*This article was written for the old TFRI blog by Dr. Jason Berman.
My name is Dr. Jason Berman and I am an investigator on two TFRI-funded projects: I am a member of the executive for Terry Fox PROFYLE (Precision Oncology For Young peopLE) and a part of the Li-Fraumeni Syndrome (LFS) Program Project Grant team.
For the past 11 years, I have overseen a unique zebrafish research program housed at the IWK Health Centre/Dalhousie University in Halifax, Nova Scotia. Our current Zebrafish Core Facility is one of the largest of its kind in Canada and on par with the largest facilities in North America. We have the capacity to hold about 60,000 to 65,000 adult zebrafish, and right now we have about 20,000 to 25,000 fish in the system, which includes 80 different genetic varieties of zebrafish.
The zebrafish is a very useful model for studying genetic diseases, both inherited germline genetic diseases like Li-Fraumeni Syndrome(LFS), as well as acquired genetic abnormalities and somatic mutations like what occurs in cancers. There is a high level of genetic conservation between zebrafish and humans. About 75 to 80 per cent of genes are conserved at the protein level, which means that abnormalities that occur in humans can be mimicked in the zebrafish, which allows it to be a reproducible and reliable animal model. We have lots of tools to be able to manipulate the genes in zebrafish because the embryos are fertilized outside the fish and they are transparent. So we can easily see visual changes that occur because of these genetic manipulations, which makes the fish a fairly versatile, inexpensive, and useful tool to validate some of the genetic findings made by the LFS project's Toronto arm. In this project, we know that these patients have germline mutations in the p53 gene, a tumour suppressor gene, which makes these patients really akin to ticking time bombs. But it’s hard to predict what tumour they will develop when. If we understood what specific genetic abnormalities led to those problems, and what other pathways were activated, it would provide us with an ability to identify new drugs that we could use in that context. A system called CRISPR/cas9 allows us to precisely manipulate and introduce specific mutations into the zebrafish genome, which we couldn’t really do before, and using that approach we’re now introducing the most common p53 mutations found in Li-Fraumeni Syndrome into the zebrafish.

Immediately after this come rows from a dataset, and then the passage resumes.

(* The truncated welfare-based dynamic posted-price (TWDPP) mechanism is ex post incentive compatible for myopic bidders and dominant-strategy incentive compatible for myopic miners.
   Context: Dynamic posted-price setting: at each time step a block with $m$ slots is produced by an active miner; $n$ bidders with private values $v_i\ge0$ submit bids $b_i$, each participating once. Given the current posted price $q>0$, $M(q)=\{i:b_i\ge q\}$; a block is $B\subseteq M(q)$ with $|B|\le m$; each $i\in B$ gets a slot and pays $q$. The TWDPP mechanism uses the random maximal (RM) allocation rule — $B$ is chosen uniformly at random among subsets of $M(q)$ of size $\min\{m,|M(q)|\}$ — and the update rule $T_{TW}(q,B)=\alpha\frac1m\sum_{i\in B}\min\{b_i,(1+\delta)q\}+(1-\alpha)q$ if $|B|<m$, and $\alpha(1+\delta)q+(1-\alpha)q$ if $|B|=m$, with $\alpha\in(0,1)$, $\delta\in(0,\infty)$. A myopic bidder's utility is $v_i-q$ if included and $0$ otherwise (in expectation over allocation randomness); ex post IC for myopic bidders means that, when the miner follows the RM rule, bidding $b_i=v_i$ weakly dominates every other bid for all bids of others. A myopic miner's utility is the total payment $q|B|$ in the current block; DSIC for myopic miners means following the RM rule is a weakly dominant, utility-maximizing strategy for the miner for all bids. *)

From HB Require Import structures.
From mathcomp Require Import all_boot all_order all_algebra.
Set Implicit Arguments. Unset Strict Implicit. Unset Printing Implicit Defensive.
Import Order.TTheory GRing.Theory Num.Theory.
Local Open Scope ring_scope.

Section PostedPrice.
Variables (R : realFieldType) (n : nat).

Definition bids := 'I_n -> R.

Definition Mset (q : R) (b : bids) : {set 'I_n} := [set i | q <= b i].

Definition feasible_block (m : nat) (q : R) (b : bids) (B : {set 'I_n}) : bool :=
  (B \subset Mset q b) && (#|B| <= m)%N.

(* A posted-price mechanism: a (randomized) allocation rule, given as the
   support of a UNIFORM distribution over blocks, and a price update rule. *)
Record ppmech := PPMech {
  alloc : R -> bids -> {set {set 'I_n}};
  update : R -> bids -> {set 'I_n} -> R }.

Definition RM_alloc (m : nat) (q : R) (b : bids) : {set {set 'I_n}} :=
  [set B : {set 'I_n} | (B \subset Mset q b) && (#|B| == minn m #|Mset q b|)].

Definition TW_update (m : nat) (alpha delta : R) (q : R) (b : bids)
    (B : {set 'I_n}) : R :=
  if (#|B| < m)%N then
    alpha * (m%:R)^-1 * (\sum_(i in B) Num.min (b i) ((1 + delta) * q))
      + (1 - alpha) * q
  else alpha * ((1 + delta) * q) + (1 - alpha) * q.

Definition TWDPP (m : nat) (alpha delta : R) : ppmech :=
  PPMech (RM_alloc m) (TW_update m alpha delta).

Definition uexp (S : {set {set 'I_n}}) (f : {set 'I_n} -> R) : R :=
  (\sum_(B in S) f B) / #|S|%:R.

Definition set_bid (b : bids) (i : 'I_n) (x : R) : bids :=
  fun j => if j == i then x else b j.

Definition bidder_utility (M : ppmech) (q : R) (b : bids) (i : 'I_n) (v : R) : R :=
  uexp (alloc M q b) (fun B => if i \in B then v - q else 0).

Definition miner_utility_rule (M : ppmech) (q : R) (b : bids) : R :=
  uexp (alloc M q b) (fun B => q * #|B|%:R).

Definition expost_IC_myopic_bidders (M : ppmech) : Prop :=
  forall (q : R), 0 < q ->
  forall (b : bids) (i : 'I_n) (v x : R), 0 <= v ->
    bidder_utility M q (set_bid b i x) i v <= bidder_utility M q (set_bid b i v) i v.

Definition DSIC_myopic_miner (m : nat) (M : ppmech) : Prop :=
  forall (q : R), 0 < q ->
  forall (b : bids) (B : {set 'I_n}), feasible_block m q b B ->
    q * #|B|%:R <= miner_utility_rule M q b.

End PostedPrice.

From HB Require Import structures.
From mathcomp Require Import all_boot all_order all_algebra.
Set Implicit Arguments. Unset Strict Implicit. Unset Printing Implicit Defensive.
Import Order.TTheory GRing.Theory Num.Theory.
Local Open Scope ring_scope.

(* The random maximal rule depends on the bids only through M(q) and only
   draws blocks inside M(q); hence a bid merely decides whether its bidder is
   eligible, and eligibility is worth an expected utility of the sign of
   v - q. Every block it draws has the largest feasible size min(m, |M(q)|),
   so no feasible block pays the miner more. *)

Section UniformExpectation.
Variables (R : realFieldType) (n : nat).
Implicit Types (S : {set {set 'I_n}}) (f : {set 'I_n} -> R).

Lemma uexp_ge0 S f : {in S, forall B, 0 <= f B} -> 0 <= uexp S f.
Proof. by move=> f_ge0; rewrite divr_ge0 // sumr_ge0. Qed.

Lemma uexp_le0 S f : {in S, forall B, f B <= 0} -> uexp S f <= 0.
Proof. by move=> f_le0; rewrite mulr_le0_ge0 ?invr_ge0 // sumr_le0. Qed.

Lemma uexp_eq0 S f : {in S, forall B, f B = 0} -> uexp S f = 0.
Proof. by move=> f_eq0; rewrite /uexp big1 ?mul0r. Qed.

Lemma uexp_cst S f c : S != set0 -> {in S, forall B, f B = c} -> uexp S f = c.
Proof.
move=> S_neq0 f_eqc; rewrite /uexp (eq_bigr (fun _ => c)) // sumr_const.
by rewrite -[c *+ _]mulr_natr mulfK // pnatr_eq0 -lt0n card_gt0.
Qed.

Lemma bidder_utility_ge0 (M : ppmech R n) q b i v :
  q <= v -> 0 <= bidder_utility M q b i v.
Proof. by move=> qv; apply: uexp_ge0 => B _; case: ifP; rewrite ?subr_ge0. Qed.

Lemma bidder_utility_le0 (M : ppmech R n) q b i v :
  v <= q -> bidder_utility M q b i v <= 0.
Proof. by move=> vq; apply: uexp_le0 => B _; case: ifP; rewrite ?subr_le0. Qed.

End UniformExpectation.

Section RandomMaximal.
Variables (R : realFieldType) (n m : nat).
Implicit Types (q x y : R) (b : bids R n) (B : {set 'I_n}).

Lemma RM_alloc_sub q b B : B \in RM_alloc m q b -> B \subset Mset q b.
Proof. by rewrite inE => /andP[]. Qed.

Lemma card_RM_alloc q b B :
  B \in RM_alloc m q b -> #|B| = minn m #|Mset q b|.
Proof. by rewrite inE => /andP[_ /eqP]. Qed.

Lemma RM_alloc_neq0 q b : RM_alloc m q b != set0.
Proof. by rewrite -card_gt0 cards_draws bin_gt0 geq_minr. Qed.

Lemma feasible_block_card q b B :
  feasible_block m q b B -> (#|B| <= minn m #|Mset q b|)%N.
Proof. by case/andP=> /subset_leq_card B_le_M B_le_m; rewrite leq_min B_le_m. Qed.

Lemma mem_Mset_set_bid q b i y : (i \in Mset q (set_bid b i y)) = (q <= y).
Proof. by rewrite inE /set_bid eqxx. Qed.

Lemma Mset_set_bid_eligible q b i x y :
  q <= x -> q <= y -> Mset q (set_bid b i x) = Mset q (set_bid b i y).
Proof.
by move=> qx qy; apply/setP => j; rewrite !inE /set_bid; case: eqP; rewrite ?qx ?qy.
Qed.

End RandomMaximal.

Section MyopicBidders.
Variables (R : realFieldType) (n m : nat) (alpha delta : R).
Local Notation M := (TWDPP n m alpha delta).
Implicit Types (q v x : R) (b : bids R n).

Lemma bidder_utility_ineligible q b i x v :
  x < q -> bidder_utility M q (set_bid b i x) i v = 0.
Proof.
move=> xq; apply: uexp_eq0 => B /RM_alloc_sub /subsetP B_sub.
by case: ifP => // /B_sub; rewrite mem_Mset_set_bid leNgt xq.
Qed.

Lemma TWDPP_expost_IC : expost_IC_myopic_bidders M.
Proof.
move=> q _ b i v x _.
have [vq | qv] := ltP v q.
  by rewrite [X in _ <= X]bidder_utility_ineligible // bidder_utility_le0 ?ltW.
have [xq | qx] := ltP x q.
  by rewrite bidder_utility_ineligible // bidder_utility_ge0.
by rewrite /bidder_utility /= /RM_alloc (Mset_set_bid_eligible b i qx qv).
Qed.

End MyopicBidders.

Section MyopicMiner.
Variables (R : realFieldType) (n m : nat) (alpha delta : R).
Local Notation M := (TWDPP n m alpha delta).

Lemma miner_utility_TWDPP q (b : bids R n) :
  miner_utility_rule M q b = q * (minn m #|Mset q b|)%:R.
Proof.
apply: uexp_cst; first exact: RM_alloc_neq0.
by move=> B /card_RM_alloc ->.
Qed.

Lemma TWDPP_DSIC_miner : DSIC_myopic_miner m M.
Proof.
move=> q q_gt0 b B /feasible_block_card B_le.
by rewrite miner_utility_TWDPP ler_pM2l // ler_nat.
Qed.

End MyopicMiner.

Theorem mainTheorem7 (R : realFieldType) (n m : nat) (alpha delta : R) :
  (0 < m)%N -> 0 < alpha -> alpha < 1 -> 0 < delta ->
  expost_IC_myopic_bidders (TWDPP n m alpha delta) /\
  DSIC_myopic_miner m (TWDPP n m alpha delta).
Proof.
by move=> _ _ _ _; split; [exact: TWDPP_expost_IC | exact: TWDPP_DSIC_miner].
Qed.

I think the other TFRI projects would be surprised at how conserved all these genes and proteins are in the fish, as well as how we can use these fish to look at drug responses just by adding the drug to the water. Further, drugs are metabolized in zebrafish the same way they are in humans, and we can also look at side effects. It really creates a whole platform to be able to do pre-clinical drug discovery in the fish. Doing this work with the support of TFRI highlights the capacity of the zebrafish system as a pre-clinical tool in cancer biology.
We’re really the only lab in Canada that uses the zebrafish to study cancer, and so by partnering with TFRI, and as part of the larger projects, it creates a highly collaborative, synergistic model. We want to help serve as a Canadian resource to help answer some of the critical questions in cancer research. It has really been instrumental to have TFRI support, and it is tremendously exciting to be part of these teams. There’s a lot of experimentation we can do alone with the zebrafish, but being a part of these teams is that much more rewarding.